慢性的な人材不足を解消するため、この春卒業する大学生にも進路の選択肢にしてもらうのがねらいで、会場ではNPOの活動内容のほか、給料など待遇面を相談するコーナーも設けられました。参加した学生のなかにはNPOなどの活動にあまり興味を持ったことがなかったという人もいましたが、説明を聞いて就職先の1つとして考えたいという声も聞かれました。
学生の1人は「これまで水産食品会社や公務員など30社ほど受けましたが、まだ内定はありません。就職できなければ留年も考えていますが、何とか卒業までに決めたいと考えているので、説明会で興味を持ったNPOにも応募してみようと思います」と話していました。
説明会を主催したNPOを支援する活動をしている「NPOサポートセンター」の小堀悠さんは、「NPOは民間企業より給料が低いところもありますが、人のために働けるとか役に立つということを実感できる職場です。
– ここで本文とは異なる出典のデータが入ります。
Lemma hill_b_derive P pa pb : params_ok P -> 0 < pa -> is_derive (hill_b P) pa (Zq P pa pb).
Proof.
  intros Hok Ha.
  destruct P as [ma mb ga gb ka kb da db tha thb thaa A1 B1 na nb naa].
  destruct Hok as (_ & Hmb & _ & _ & _ & _ & _ & _ & Htha & _ & _ & _ & _ & Hna & _ & _); cbn in *.
  assert (0 < (pa / tha) ^ na) by (apply pow_lt, Rdiv_lt_0_compat; lra).
  unfold hill_b; cbn. auto_derive; [lra|].
  unfold Zq; cbn. destruct na as [|k]; [lia|]. cbn [pred]. rewrite Nat.sub_succ, Nat.sub_0_r.
  unfold Rdiv; rewrite !Rpow_mult_distr, !pow_inv. cbn.
  assert (0 < pa ^ k) by (apply pow_lt; lra). assert (0 < tha ^ k) by (apply pow_lt; lra).
  field. pos_nonzero.
Qed.

Lemma Zq_lt0 P pa pb : params_ok P -> 0 < pa -> Zq P pa pb < 0.
Proof.
  intros (_ & Hmb & _ & _ & _ & _ & _ & _ & Htha & _ & _ & _ & _ & Hna & _ & _) Ha.
  unfold Zq. apply Ropp_lt_gt_0_contravar, Rdiv_lt_0_compat.
  - repeat apply Rmult_lt_0_compat; try apply pow_lt; try lra. apply lt_0_INR. lia.
  - pose proof (pow_lt pa (n_a P) Ha); pose proof (pow_lt (th_a P) (n_a P) Htha).
    apply pow_lt. lra.
Qed.

Definition network_jacobian (P : params) (pa pb : R) : jac_entries :=
  mkJac (gam_a P) (gam_b P) (del_a P) (del_b P) (k_a P) (k_b P)
    (Xq P pa pb) (Yq P pa pb) (Zq P pa pb).
(* Let $\varphi:\mathbb{R}\times[0,\infty)\to(0,\infty)$ be a $C^2$ function such that $$\inf_{(y,z)\in\mathbb{R}\times[0,\infty)}\frac{\partial\varphi}{\partial z}(y,z)\ge0,\qquad \sup_{(y,z)\in\mathbb{R}\times[0,\infty)}\frac{\partial\varphi}{\partial z}(y,z)<\infty,\qquad \frac{\partial\varphi}{\partial z}(0,1)<1,\qquad \varphi(0,1)=1,$$ and such that the equation $\alpha=\varphi\bigl(0,1/\varphi(0,1/\alpha)\bigr)$, $\alpha>0$, has the unique solution $\alpha=1$. Then there exists a unique solution $g$ of the differential equation $$g'(y)=\varphi\left(y,\frac{y}{g(y)}\right),\qquad g(0)=0.$$ The solution $g$ is $C^2$, satisfies, as $y\to0$, $$g(y)=g'(0)y+g''(0)\tfrac{y^2}{2}+O(y^3),\quad g'(y)=g'(0)+g''(0)y+O(y^2),\quad g''(y)=g''(0)+O(y),$$ and satisfies $g(y)/y>0$ for all $y\neq0$. *)

From Stdlib Require Import Reals.
From Coquelicot Require Import Coquelicot.
Open Scope R_scope.

Definition pd_y (f : R -> R -> R) (y z : R) : R := Derive (fun t => f t z) y.
Definition pd_z (f : R -> R -> R) (y z : R) : R := Derive (fun t => f y t) z.

Definition has_partials (f : R -> R -> R) : Prop :=
  forall y z, ex_derive (fun t => f t z) y /\ ex_derive (fun t => f y t) z.

Definition C2_2d (f : R -> R -> R) : Prop :=
  has_partials f /\ has_partials (pd_y f) /\ has_partials (pd_z f) /\
  forall y z,
    continuity_2d_pt f y z /\
    continuity_2d_pt (pd_y f) y z /\ continuity_2d_pt (pd_z f) y z /\
    continuity_2d_pt (pd_y (pd_y f)) y z /\ continuity_2d_pt (pd_z (pd_y f)) y z /\
    continuity_2d_pt (pd_y (pd_z f)) y z /\ continuity_2d_pt (pd_z (pd_z f)) y z.

Definition C2_1d (g : R -> R) : Prop :=
  forall y, ex_derive g y /\ ex_derive (Derive g) y /\
            continuous (Derive_n g 2) y.

(* Solution of  g'(y) = phi(y, y/g(y)),  g(0) = 0.
   For y <> 0 the argument y/g(y) must lie in the domain [0,oo) of phi
   (in particular g(y) <> 0).  At y = 0 the quotient y/g(y) is read as its
   limit 1/g'(0), so the equation at 0 is  g'(0) = phi(0, 1/g'(0)). *)
Definition is_solution (phi : R -> R -> R) (g : R -> R) : Prop :=
  (forall y, ex_derive g y) /\
  g 0 = 0 /\
  (forall y, y <> 0 ->
     g y <> 0 /\ 0 <= y / g y /\ Derive g y = phi y (y / g y)) /\
  Derive g 0 <> 0 /\ Derive g 0 = phi 0 (/ Derive g 0).

Definition bigO0 (f : R -> R) (k : nat) : Prop :=
  exists C delta, 0 < delta /\
    forall y, Rabs y < delta -> Rabs (f y) <= C * Rabs y ^ k.

From Stdlib Require Import Reals Lra Lia Psatz FunctionalExtensionality ClassicalEpsilon.
From Coquelicot Require Import Coquelicot.
Open Scope R_scope.

(* Writing g(y) = y G(y), the problem g' = phi(y, y/g), g(0) = 0 becomes the fixed-point
   equation G(y) = mean of t |-> phi(t, 1/G(t)) over [0, y], and the hypothesis on the equation
   a = phi(0, 1/phi(0, 1/a)) forces G(0) = g'(0) = 1 for every solution.
   On a strip |y| <= Y the integrand is truncated so that it is globally Lipschitz in G.  Near
   y = 0 the averaged map is a contraction because d_z phi(0,1) < 1; away from 0 the weight
   exp(K|y|) absorbs the Lipschitz constant.  Hence Picard iteration converges to the only
   solution on the strip, and these solutions glue to a global G.
   The same contraction bootstraps G - 1 = O(y) into G - 1 - G'(0) y = O(y^2), so G is C^1;
   then g' = phi(y, 1/G) is C^1 with g''(y) - g''(0) = O(y), and integrating this estimate twice
   gives the expansions of g' and g. *)

Lemma continuous_R_eps_delta (f : R -> R) x :
  continuous f x <-> forall eps : posreal, exists d : posreal,
    forall y, Rabs (y - x) < d -> Rabs (f y - f x) < eps.
Proof.
  split.
  - intros H eps. apply continuity_pt_filterlim in H.
    destruct (proj1 (continuity_pt_locally f x) H eps) as [d Hd].
    exists d. intros y Hy. now apply Hd.
  - intros H. apply continuity_pt_filterlim, continuity_pt_locally. intros eps.
    destruct (H eps) as [d Hd]. exists d. intros y Hy. now apply Hd.
Qed.

Lemma continuous_comp_2d (f : R -> R -> R) (a b : R -> R) x :
  continuity_2d_pt f (a x) (b x) -> continuous a x -> continuous b x ->
  continuous (fun t => f (a t) (b t)) x.
Proof.
  intros Hf Ha Hb. apply continuous_comp_2; auto. now apply continuity_2d_pt_filterlim.
Qed.

Lemma locally_neq (x y : R) : y <> x -> locally y (fun z => z <> x).
Proof.
  intros Hy. assert (H : 0 < Rabs (y - x)) by (apply Rabs_pos_lt; lra).
  exists (mkposreal _ H). intros z Hz ->. change (Rabs (x - y) < Rabs (y - x)) in Hz.
  rewrite Rabs_minus_sym in Hz. lra.
Qed.

Lemma RInt_Rmult (f : R -> R) a b c :
  ex_RInt f a b -> RInt (fun x => c * f x) a b = c * RInt f a b.
Proof. exact (RInt_scal (V := R_CompleteNormedModule) f a b c). Qed.

Lemma RInt_Rminus (f g : R -> R) a b : ex_RInt f a b -> ex_RInt g a b ->
  RInt (fun x => f x - g x) a b = RInt f a b - RInt g a b.
Proof. exact (RInt_minus (V := R_CompleteNormedModule) f g a b). Qed.

Lemma RInt_Rconst a b c : RInt (fun _ => c) a b = (b - a) * c.
Proof. exact (RInt_const (V := R_CompleteNormedModule) a b c). Qed.

Lemma ex_RInt_R (f : R -> R) a b : (forall t, continuous f t) -> ex_RInt f a b.
Proof. intros Hf. apply (ex_RInt_continuous (V := R_CompleteNormedModule)). auto. Qed.

Lemma continuous_Rmult_r (y s : R) : continuous (fun s => s * y) s.
Proof.
  apply (continuous_mult (fun s => s) (fun _ => y)); [apply continuous_id | apply continuous_const].
Qed.

Lemma continuous_scale (f : R -> R) (y s : R) :
  continuous f (s * y) -> continuous (fun s => f (s * y)) s.
Proof. apply (continuous_comp (fun s => s * y) f), continuous_Rmult_r. Qed.

Lemma Rabs_scale_le s y : 0 <= s <= 1 -> Rabs (s * y) <= Rabs y.
Proof. intros Hs. rewrite Rabs_mult, (Rabs_right s) by lra. pose proof (Rabs_pos y). nra. Qed.

Lemma exp_le_compat x y : x <= y -> exp x <= exp y.
Proof. intros [H | ->]; [now apply Rlt_le, exp_increasing | apply Rle_refl]. Qed.

Lemma continuous_exp_scal (b t : R) : continuous (fun s => exp (b * s)) t.
Proof.
  apply (continuous_comp (fun s => b * s) exp).
  - apply (continuous_mult (fun _ => b) (fun s => s)); [apply continuous_const | apply continuous_id].
  - apply continuity_pt_filterlim, derivable_continuous_pt, derivable_pt_exp.
Qed.

Lemma RInt_exp_scal_le b : 0 < b -> RInt (fun s => exp (b * s)) 0 1 <= exp b / b.
Proof.
  intros Hb.
  assert (H : is_RInt (fun s => exp (b * s)) 0 1 (minus (exp (b * 1) / b) (exp (b * 0) / b))).
  { apply (is_RInt_derive (V := R_CompleteNormedModule) (fun s => exp (b * s) / b)).
    - intros s _. auto_derive; [easy | field; lra].
    - intros s _. apply continuous_exp_scal. }
  rewrite (is_RInt_unique _ _ _ _ H). unfold minus, plus, opp; simpl.
  rewrite Rmult_1_r, Rmult_0_r, exp_0.
  assert (0 < / b) by (apply Rinv_0_lt_compat; lra). unfold Rdiv. nra.
Qed.

Definition clamp (lo hi x : R) : R := Rmax lo (Rmin hi x).

Lemma clamp_bounds lo hi x : lo <= hi -> lo <= clamp lo hi x <= hi.
Proof. intros H. unfold clamp, Rmax, Rmin. repeat destruct Rle_dec; lra. Qed.

Lemma clamp_id lo hi x : lo <= x <= hi -> clamp lo hi x = x.
Proof. intros H. unfold clamp, Rmax, Rmin. repeat destruct Rle_dec; lra. Qed.

Lemma clamp_lipschitz lo hi a b : lo <= hi -> Rabs (clamp lo hi a - clamp lo hi b) <= Rabs (a - b).
Proof.
  intros H. unfold clamp, Rmax, Rmin.
  destruct (Rle_or_lt 0 (a - b));
    [rewrite (Rabs_right (a - b)) by lra | rewrite (Rabs_left (a - b)) by lra];
    repeat destruct Rle_dec; apply Rabs_le_between; lra.
Qed.

Lemma continuous_clamp lo hi x : lo <= hi -> continuous (clamp lo hi) x.
Proof.
  intros H. apply continuous_R_eps_delta. intros eps. exists eps. intros y Hy.
  eapply Rle_lt_trans; [apply clamp_lipschitz, H | exact Hy].
Qed.
Section PositiveSemidefinite.
Variable C : numClosedFieldType.

Lemma adjmxE m n (A : 'M[C]_(m, n)) i j : adjmx A i j = (A j i)^*.
Proof. by rewrite !mxE. Qed.

Lemma adjmxM m n p (A : 'M[C]_(m, n)) (B : 'M[C]_(n, p)) :
  adjmx (A *m B) = adjmx B *m adjmx A.
Proof. by rewrite /adjmx map_mxM trmx_mul. Qed.

Lemma adjmxK m n (A : 'M[C]_(m, n)) : adjmx (adjmx A) = A.
Proof. by apply/matrixP => i j; rewrite !mxE conjCK. Qed.

Lemma adjmxD m n (A B : 'M[C]_(m, n)) : adjmx (A + B) = adjmx A + adjmx B.
Proof. by apply/matrixP => i j; rewrite !mxE rmorphD. Qed.

Lemma adjmxZ m n (a : C) (A : 'M[C]_(m, n)) : adjmx (a *: A) = a^* *: adjmx A.
Proof. by apply/matrixP => i j; rewrite !mxE rmorphM. Qed.

Lemma mulmx_adjE p q k (U : 'M[C]_(k, p)) (X : 'M[C]_k) (W : 'M[C]_(k, q)) a b :
  (adjmx U *m X *m W) a b = \sum_r \sum_r' ((U r a)^* * X r r' * W r' b).
Proof.
rewrite mxE exchange_big; apply: eq_bigr => r' _; rewrite mxE mulr_suml.
by apply: eq_bigr => r _; rewrite adjmxE.
Qed.

Lemma psdmx0 n : psdmx (0 : 'M[C]_n).
Proof.
split; first by apply/matrixP => i j; rewrite !mxE rmorph0.
by move=> v; rewrite mulmx0 mul0mx mxE.
Qed.

Lemma psdmxD n (A B : 'M[C]_n) : psdmx A -> psdmx B -> psdmx (A + B).
Proof.
move=> [hA pA] [hB pB]; split; first by rewrite adjmxD hA hB.
by move=> v; rewrite mulmxDr mulmxDl mxE addr_ge0.
Qed.

Lemma psdmx_sum n (I : finType) (F : I -> 'M[C]_n) :
  (forall i, psdmx (F i)) -> psdmx (\sum_i F i).
Proof. by move=> psdF; apply: big_ind => //; [exact: psdmx0 | exact: psdmxD]. Qed.
Lemma kfunctor0 F x y : is_kfunctor F -> fhom F (0 : Defs.Hom C x y) = 0.
Proof.
by move=> [lin _]; apply: addr_self_eq0; have := lin x y 1 0 0; rewrite !scale1r addr0.
Qed.

Lemma kfunctor_invertible F x y (f : Defs.Hom C x y) :
  is_kfunctor F -> invertible f -> invertible (fhom F f).
Proof.
move=> [_ [F1 FM]] [g [gf fg]].
by exists (fhom F g); rewrite -!FM gf fg !F1.
Qed.

Lemma kfunctor_nontrivial F F' x y : is_kfunctor F' -> kfcomp F' F = kfid C ->
  nontrivial (Defs.Hom C x y) -> nontrivial (Defs.Hom C (fob F x) (fob F y)).
Proof.
move=> hF' FK [f f0]; exists (fhom F f) => Ff0; apply: f0.
have := kfid_fhom (P := fun _ _ f => f = 0) FK (f := f); apply => /=.
by rewrite Ff0 kfunctor0.
Qed.

End Functors.

Notation mm M f := (@mmap _ _ M _ _ f).

Section Modules.
Variables (k : fieldType) (C : kcat k).
Implicit Types M N P : kmod C.

Lemma mmap0 M x y (f : Defs.Hom C x y) : is_kmod M -> mm M f 0 = 0.
Proof.
by move=> [lin _]; apply: addr_self_eq0; have := lin x y f 1 0 0; rewrite !scale1r addr0.
Qed.

Lemma mmapZ M x y (f : Defs.Hom C x y) a u :
  is_kmod M -> mm M f (a *: u) = a *: mm M f u.
Proof.
by move=> hM; have [lin _] := hM; have := lin x y f a u 0; rewrite !addr0 mmap0 // addr0.
Qed.

Lemma mmap0f M x y (u : mob M y) : is_kmod M -> mm M (0 : Defs.Hom C x y) u = 0.
Proof.
by move=> [_ [lin _]]; apply: addr_self_eq0; have := lin x y 1 0 0 u; rewrite !scale1r addr0.
Qed.

Lemma natural0 M N (phi : forall x, mob M x -> mob N x) x :
  is_natural phi -> phi x 0 = 0.
Proof.
by move=> [lin _]; apply: addr_self_eq0; have := lin x 1 0 0; rewrite !scale1r addr0.
Qed.

Lemma mod_iso_refl M : mod_iso M M.
Proof. by exists (fun x u => u); split; [split | move=> x; exists id]. Qed.

Lemma mod_iso_trans M N P : mod_iso M N -> mod_iso N P -> mod_iso M P.
Proof.
move=> [f [[fl fn] fb]] [g [[gl gn] gb]].
exists (fun x u => g x (f x u)); split; last by move=> x; apply: bij_comp.
by split=> [x a u v | x y h u]; rewrite ?fl ?gl ?fn ?gn.
Qed.

Lemma mod_iso_sym M N : mod_iso M N -> mod_iso N M.
Proof.
move=> [f [[fl fn] fb]].
have finv x : {g | cancel (f x) g /\ cancel g (f x)}.
  by apply: constructive_indefinite_description; case: (fb x) => g *; exists g.
pose g x := sval (finv x).
have fK x : cancel (f x) (g x) by case: (svalP (finv x)).
have gK x : cancel (g x) (f x) by case: (svalP (finv x)).
exists g; split; last by move=> x; exists (f x).
split=> [x a u v | x y h u]; apply: (can_inj (fK x)); by rewrite ?fl ?fn !gK.
Qed.
(* (I) The positive cone $C_+^\dagger$ is equal to $\widehat{\mathbf{n}}_{\Lambda,+}(D^\dagger)$, the dual cone of $\mathbf{n}_{\Lambda,+}$ in $D^\dagger$. (II) The non-negative divisors in the first quadrant of $D^\dagger$ are given by $$C_+^\dagger\cap D_+^\dagger=\{\varrho\in D_+^\dagger:\langle\varrho,n^{\delta'}_{\mathfrak{s}}\rangle\ge0\text{ for all }\mathfrak{s}\in\Lambda^{(n-1)},\ \delta'\in\Lambda^{(0)}\setminus\mathfrak{s}\text{ with }\mathfrak{s}^\perp_{\delta'}\setminus\mathfrak{s}\ne\emptyset\},$$ $$\mathrm{Int}(C_+^\dagger)\cap\mathrm{Int}(D_+^\dagger)=\{\varrho\in \mathrm{Int}(D_+^\dagger):\langle\varrho,n^{\delta'}_{\mathfrak{s}}\rangle>0\text{ for all }\mathfrak{s}\in\Lambda^{(n-1)},\ \delta'\in\Lambda^{(0)}\setminus\mathfrak{s}\text{ with }\mathfrak{s}^\perp_{\delta'}\setminus\mathfrak{s}\ne\emptyset\},$$ and these satisfy $\iota^*(C_+^\dagger\cap D_+^\dagger)=\mathbf{n}^\dagger_{\Lambda,+}$ and $\iota^*(\mathrm{Int}(C_+^\dagger)\cap\mathrm{Int}(D_+^\dagger))=\mathrm{Int}(\mathbf{n}^\dagger_{\Lambda,+})$.
   Context: $L$ is a lattice of rank $n$ with dual $L^*$; $(\Delta,L)$ is a reflexive polytope in $L_{\mathbb{R}}$ and $\Lambda$ a simplicial decomposition of $\partial\Delta$ with vertex set $\Lambda^{(0)}=L\cap(\partial\Delta\setminus\bigcup\{\mathrm{Int}(F):F\text{ facet of }\Delta\})$, $L$ generated by $\Lambda^{(0)}$; $\Lambda^{(n-1)}$ is the set of $(n-1)$-simplices, and ''$\delta\in\mathfrak{s}$'' means $\delta$ is a vertex of $\mathfrak{s}$. $D_\Delta=\bigoplus_{\delta\in\Lambda^{(0)}}\mathbb{Z}e^\delta$, $\beta:D_\Delta\to L$, $e^\delta\mapsto\delta$, $\mathbf{n}_\Delta=\ker\beta$, $\iota:\mathbf{n}_\Delta\hookrightarrow D_\Delta$ the inclusion; $D^\dagger=D_\Delta^\dagger\otimes\mathbb{Q}$ with basis $e^{\delta\dagger}$ dual to $e^\delta$, $\iota^*:D^\dagger\to\mathbf{n}_\Delta^\dagger\otimes\mathbb{Q}$ the restriction, $\beta^*:L^*_{\mathbb{Q}}\to D^\dagger$ the dual of $\beta$. $D_+^\dagger=\{\varrho\in D^\dagger:\langle\varrho,e^\delta\rangle\ge0\ \forall\delta\}$, with interior given by strict inequalities. For $\delta\in\Lambda^{(0)}$, $\mathfrak{s}^\perp_\delta$ is the unique simplex of $\Lambda$ whose relative interior contains $-\delta$. For $\mathfrak{s}\in\Lambda^{(n-1)}$ and $\delta'\in\Lambda^{(0)}\setminus\mathfrak{s}$ define $n^{\delta'}_{\mathfrak{s}}=e^{\delta'}+\sum_{\delta\in\mathfrak{s}}n^{\delta'}_{\delta,\mathfrak{s}}e^\delta\in\mathbf{n}_\Delta\otimes\mathbb{Q}$ where the rationals $n^{\delta'}_{\delta,\mathfrak{s}}$ are determined by $\delta'+\sum_{\delta\in\mathfrak{s}}n^{\delta'}_{\delta,\mathfrak{s}}\delta=0$ in $L_{\mathbb{Q}}$. Let $\mathbf{n}_{\Lambda,+}=\sum_{\mathfrak{s},\delta'}\mathbb{Q}_{\ge0}n^{\delta'}_{\mathfrak{s}}\subseteq\mathbf{n}_\Delta\otimes\mathbb{Q}$, $\mathbf{n}^\dagger_{\Lambda,+}$ its dual cone in $\mathbf{n}_\Delta^\dagger\otimes\mathbb{Q}$, and $\widehat{\mathbf{n}}_{\Lambda,+}(D^\dagger)=\{\varrho\in D^\dagger:\langle\varrho,n\rangle\ge0\ \forall n\in\mathbf{n}_{\Lambda,+}\}$. For $\varrho\in D^\dagger$ and $\mathfrak{s}\in\Lambda^{(n-1)}$, let $\varrho'_{\mathfrak{s}}$ be the unique element of $\beta^*(L^*_{\mathbb{Q}})$ with $\langle\varrho'_{\mathfrak{s}},e^\delta\rangle=\langle\varrho,e^\delta\rangle$ for all $\delta\in\mathfrak{s}$, and $\varrho_{\mathfrak{s}}=\varrho-\varrho'_{\mathfrak{s}}$. The positive cone is $C_+^\dagger=\{\varrho\in D^\dagger:\langle\varrho_{\mathfrak{s}},e^{\delta'}\rangle\ge0\text{ for all }\mathfrak{s}\in\Lambda^{(n-1)},\ \delta'\in\Lambda^{(0)}\setminus\mathfrak{s}\}$. *)

(* L = Z^n inside L_Q = Q^n, realised as row vectors 'rV[rat]_n. *)
From HB Require Import structures.
From mathcomp Require Import all_boot all_order all_algebra.
Set Implicit Arguments. Unset Strict Implicit. Unset Printing Implicit Defensive.
Import Order.TTheory GRing.Theory Num.Theory.
Local Open Scope ring_scope.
仕事は大変なこともありますが、NPOを引っ張っていく熱意のある人にぜひ来てもらいたいと思います」と話していました。
このように、不景気→就職率の低下→一般企業への就職は難しい→NPOに就職!という流れもあるようですが、大きな傾向としては“自分のやりがい”を求めてNPOを就職先として希望する人も増えている傾向にあるようです。
それはきっと、日本がまがりなりにも(トップではなく経済大国第二位という)豊かな生活水準を得たからだと思っています。もっとも、昨年には中国にその座を譲りましたが、欲しいモノは何でも手に入る太平の世では出世欲よりもやりがいを求める――ある意味自然な流れとも見えなくありません。